TASK BRIEF |
Report each line of the material below where the word "idealM" can be found.

[[ TASK INPUT open ]]

Lemma mul_mono_shift c d F p q : ps_mul (mono c d) F (c + p) (d + q) = F p q.
Proof. by rewrite mul_monoE !leq_addr !addKn. Qed.

Lemma mono_eq0 a b p q : (mono a b p q == 0) = ~~ ((p == a) && (q == b)).
Proof. by rewrite /mono; case: (_ && _); rewrite ?oner_eq0 ?eqxx. Qed.

Definition mono_dvd (a b : nat) (F : ps) : Prop :=
  forall p q, (p < a)%N || (q < b)%N -> F p q = 0.

Lemma mono_dvd_mono a b : mono_dvd a b (mono a b).
Proof.
move=> p q lt_pq; apply/eqP; rewrite mono_eq0 negb_and.
by case/orP: lt_pq => /ltn_eqF ->; rewrite ?orbT.
Qed.

Lemma mono_dvdW a b a' b' F : (a' <= a)%N -> (b' <= b)%N ->
  mono_dvd a b F -> mono_dvd a' b' F.
Proof. by move=> le_a le_b dvdF p q lt_pq; apply: dvdF; lia. Qed.

Lemma mono_dvd_mul a b c d F :
  mono_dvd a b F -> mono_dvd (c + a) (d + b) (ps_mul (mono c d) F).
Proof.
move=> dvdF p q lt_pq; rewrite mul_monoE; case: ifP => // /andP[le_cp le_dq].
by apply: dvdF; lia.
Qed.

Lemma mono_dvd_add a b F G :
  mono_dvd a b F -> mono_dvd a b G -> mono_dvd a b (ps_add F G).
Proof. by move=> dvdF dvdG p q lt_pq; rewrite /ps_add dvdF ?dvdG ?addr0. Qed.

Lemma mono_dvdP s F : (exists h, F = ps_mul (mono s s) h) <-> mono_dvd s s F.
Proof.
split=> [[h ->] p q lt_pq | dvdF].
  by rewrite mul_monoE; case: ifP => // /andP[]; lia.
exists (fun p q => F (s + p)%N (s + q)%N).
do 2 apply: functional_extensionality => ?; rewrite mul_monoE.
case: ifP => [/andP[le_sp le_sq] | /negbT not_le]; first by rewrite !subnKC.
by apply: dvdF; lia.
Qed.

Definition ps_swap (F : ps) : ps := fun p q => F q p.

Lemma ps_swap_mul F G : ps_swap (ps_mul F G) = ps_mul (ps_swap F) (ps_swap G).
Proof.
by do 2 apply: functional_extensionality => ?; rewrite /ps_swap /ps_mul exchange_big.
Qed.

Lemma mono_dvd_swap a b F : mono_dvd a b F -> mono_dvd b a (ps_swap F).
Proof. by move=> dvdF p q; rewrite orbC; apply: dvdF. Qed.

Definition level_gen (s : nat) (X h : ps) : ps :=
  ps_add (ps_mul (mono s s) X) (ps_mul (mono s.+1 s.+1) h).

Lemma level_gen_dvd s a b X h : (a <= 1)%N -> (b <= 1)%N ->
  mono_dvd a b X -> mono_dvd (s + a) (s + b) (level_gen s X h).
Proof.
move=> le_a1 le_b1 dvdX; apply: mono_dvd_add; first exact: mono_dvd_mul.
by move=> p q lt_pq; rewrite mul_monoE; case: ifP => // /andP[]; lia.
Qed.

Lemma level_gen_dvd_diag s X h : mono_dvd s s (level_gen s X h).
Proof.
by have := @level_gen_dvd s 0 0 X h; rewrite !addn0; apply=> // p q; rewrite !ltn0.
Qed.

Definition xtrace (s : nat) (F : ps) : nat -> CC := fun m => F (s + m)%N s.
Definition ytrace (s : nat) (F : ps) : nat -> CC := xtrace s (ps_swap F).

Lemma xtraceD s F G : xtrace s (ps_add F G) = xtrace s F \+ xtrace s G.
Proof. by []. Qed.

Lemma ytraceD s F G : ytrace s (ps_add F G) = ytrace s F \+ ytrace s G.
Proof. by []. Qed.

Lemma xtrace_mul s H F : mono_dvd s s F ->
  xtrace s (ps_mul H F) = cauchy (fun p => H p 0%N) (xtrace s F).
Proof.
move=> dvdF; apply: functional_extensionality => m.
transitivity (\sum_(p < (s + m).+1) H p 0%N * F (s + m - p)%N s).
  apply: eq_bigr => p _; rewrite big_ord_recl subn0 big1 ?addr0 // => q _.
  by rewrite dvdF ?mulr0 // lift0; have := ltn_ord q; lia.
rewrite /cauchy (big_ord_widen (s + m).+1 (fun p => H p 0%N * xtrace s F (m - p)))
  ?ltnS ?leq_addl // [RHS]big_mkcond.
apply: eq_bigr => p _; case: ltnP => [le_pm | lt_mp]; first by rewrite /xtrace addnBA.
by rewrite dvdF ?mulr0 //; have := ltn_ord p; lia.
Qed.

Lemma ytrace_mul s H F : mono_dvd s s F ->
  ytrace s (ps_mul H F) = cauchy (fun q => H 0%N q) (ytrace s F).
Proof. by move=> dvdF; rewrite /ytrace ps_swap_mul xtrace_mul //; apply: mono_dvd_swap. Qed.

Lemma xtrace_add_dvd_succ s g G :
  mono_dvd s.+1 s.+1 g -> xtrace s (ps_add g G) = xtrace s G.
Proof.
move=> dvd_g; apply: functional_extensionality => m.
by rewrite /xtrace /ps_add dvd_g ?add0r // ltnSn orbT.
Qed.

Lemma ytrace_add_dvd_succ s g G :
  mono_dvd s.+1 s.+1 g -> ytrace s (ps_add g G) = ytrace s G.
Proof. by move/mono_dvd_swap; apply: xtrace_add_dvd_succ. Qed.

Lemma xtrace_level_gen s X h : xtrace s (level_gen s X h) = fun m => X m 0%N.
Proof.
apply: functional_extensionality => m; rewrite /xtrace /level_gen /ps_add.
by rewrite !mul_monoE leq_addr leqnn ltnn andbF addKn subnn addr0.
Qed.

Lemma ytrace_level_gen s X h : ytrace s (level_gen s X h) = fun m => X 0%N m.
Proof.
apply: functional_extensionality => m; rewrite /ytrace /xtrace /ps_swap /level_gen /ps_add.
by rewrite !mul_monoE leq_addr leqnn ltnn andFb addKn subnn addr0.
Qed.

Lemma xtrace_mul_xy s F m : xtrace s.+1 (ps_mul (mono 1 1) F) m = xtrace s F m.
Proof. exact: (mul_mono_shift 1 1 F (s + m) s). Qed.

Lemma ytrace_mul_xy s F m : ytrace s.+1 (ps_mul (mono 1 1) F) m = ytrace s F m.
Proof. exact: (mul_mono_shift 1 1 F s (s + m)). Qed.

Lemma xtrace_mul_y s F m : xtrace s.+1 (ps_mul (mono 0 1) F) m = xtrace s F m.+1.
Proof. by rewrite /xtrace addSnnS; apply: (mul_mono_shift 0 1 F (s + m.+1) s). Qed.

Lemma ytrace_mul_x s F m : ytrace s.+1 (ps_mul (mono 1 0) F) m = ytrace s F m.+1.
Proof. by rewrite /ytrace /xtrace /ps_swap addSnnS; apply: (mul_mono_shift 1 0 F s). Qed.

Lemma binomial_row a b i j m : a != 0 -> (0 < j)%N ->
  (ps_add (ps_scale a (mono i 0)) (ps_scale b (mono 0 j)) m 0%N != 0) = (m == i).
Proof.
move=> a0 j_gt0; rewrite /ps_add /ps_scale.
have /eqP -> : mono 0 j m 0 == 0 by rewrite mono_eq0 (ltn_eqF j_gt0) andbF.
by rewrite mulr0 addr0 mulf_eq0 negb_or a0 mono_eq0 negbK andbT.
Qed.

Lemma binomial_col a b i j m : b != 0 -> (0 < i)%N ->
  (ps_add (ps_scale a (mono i 0)) (ps_scale b (mono 0 j)) 0%N m != 0) = (m == j).
Proof.
move=> b0 i_gt0; rewrite /ps_add /ps_scale.
have /eqP -> : mono i 0 0 m == 0 by rewrite mono_eq0 (ltn_eqF i_gt0).
by rewrite mulr0 add0r mulf_eq0 negb_or b0 mono_eq0 negbK eqxx.
Qed.

Definition traces_vanish_below (I : psset) (s i j : nat) : Prop :=
  forall F, Jk I s F -> vanishes_below i (xtrace s F) /\ vanishes_below j (ytrace s F).

Lemma type1_traces I s i j : type1 I s i j ->
  traces_vanish_below I s i j /\
  forall F, Jk I s F -> (xtrace s F i == 0) = (ytrace s F j == 0).
Proof.
case=> i_gt0 [j_gt0 [a [b [h [a0 [b0 [_ eqJ]]]]]]].
have x_row m := binomial_row b i m a0 j_gt0.
have y_col m := binomial_col a j m b0 i_gt0.
set X := ps_add (ps_scale a _) _ in eqJ x_row y_col.
have vx := vanishes_below_support x_row; have vy := vanishes_below_support y_col.
have /negbTE xi : X i 0%N != 0 by rewrite x_row.
have /negbTE yj : X 0%N j != 0 by rewrite y_col.
suff traces F : Jk I s F -> exists H : ps,
    xtrace s F = cauchy (fun p => H p 0%N) (fun m => X m 0%N) /\
    ytrace s F = cauchy (fun q => H 0%N q) (fun m => X 0%N m).
  split=> F /traces [H [-> ->]]; first by split; apply: cauchy_vanishes_below.
  by rewrite (cauchy_lead _ vx) (cauchy_lead _ vy) !mulf_eq0 xi yj.
case/eqJ=> g [H [[_ /mono_dvdP dvd_g] ->]]; exists H.
rewrite xtrace_add_dvd_succ // ytrace_add_dvd_succ // -/(level_gen s X h).
by rewrite xtrace_mul ?ytrace_mul ?xtrace_level_gen ?ytrace_level_gen //;
  apply: level_gen_dvd_diag.
Qed.

Lemma type2_traces I s i j : type2 I s i j -> traces_vanish_below I s i j.
Proof.
case=> i_gt0 j_gt0 [h1 [h2 [_ _ eqJ]]] _ F.
case/eqJ=> g [H1 [H2 [[_ /mono_dvdP dvd_g] ->]]].
rewrite xtrace_add_dvd_succ // ytrace_add_dvd_succ // xtraceD ytraceD.
rewrite -/(level_gen s (mono i 0) h1) -/(level_gen s (mono 0 j) h2).
rewrite !xtrace_mul ?ytrace_mul ?xtrace_level_gen ?ytrace_level_gen;
  try exact: level_gen_dvd_diag.
split; apply: vanishes_belowD; apply: cauchy_vanishes_below => m lt_m;
  apply/eqP; rewrite mono_eq0 ?(ltn_eqF lt_m) ?(ltn_eqF i_gt0) ?(ltn_eqF j_gt0) ?andbF //.
Qed.

Lemma type1_lift I k i j : is_ideal I -> type1 I k i j ->
  exists2 F, Jk I k.+1 F &
    (forall m, (xtrace k.+1 F m != 0) = (m == i)) /\
    (forall m, (ytrace k.+1 F m != 0) = (m == j)).
Proof.
move=> [_ _ idealM] [i_gt0 [j_gt0 [a [b [h [a0 [b0 [[IE _] _]]]]]]]].
rewrite -/(level_gen k _ h) in IE; set E := level_gen k _ h in IE.
exists (ps_mul (mono 1 1) E).
  split; first exact: idealM.
  apply/mono_dvdP; apply: (mono_dvd_mul (c:=1) (d:=1)); exact: level_gen_dvd_diag.
split=> m; rewrite ?xtrace_mul_xy ?ytrace_mul_xy ?xtrace_level_gen ?ytrace_level_gen.
  exact: binomial_row.
exact: binomial_col.
Qed.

[[ TASK INPUT closed ]]

WRITTEN RESPONSE |
move=> [_ _ idealM] [i_gt0 [j_gt0 [a [b [h [a0 [b0 [[IE _] _]]]]]]]].
  split; first exact: idealM.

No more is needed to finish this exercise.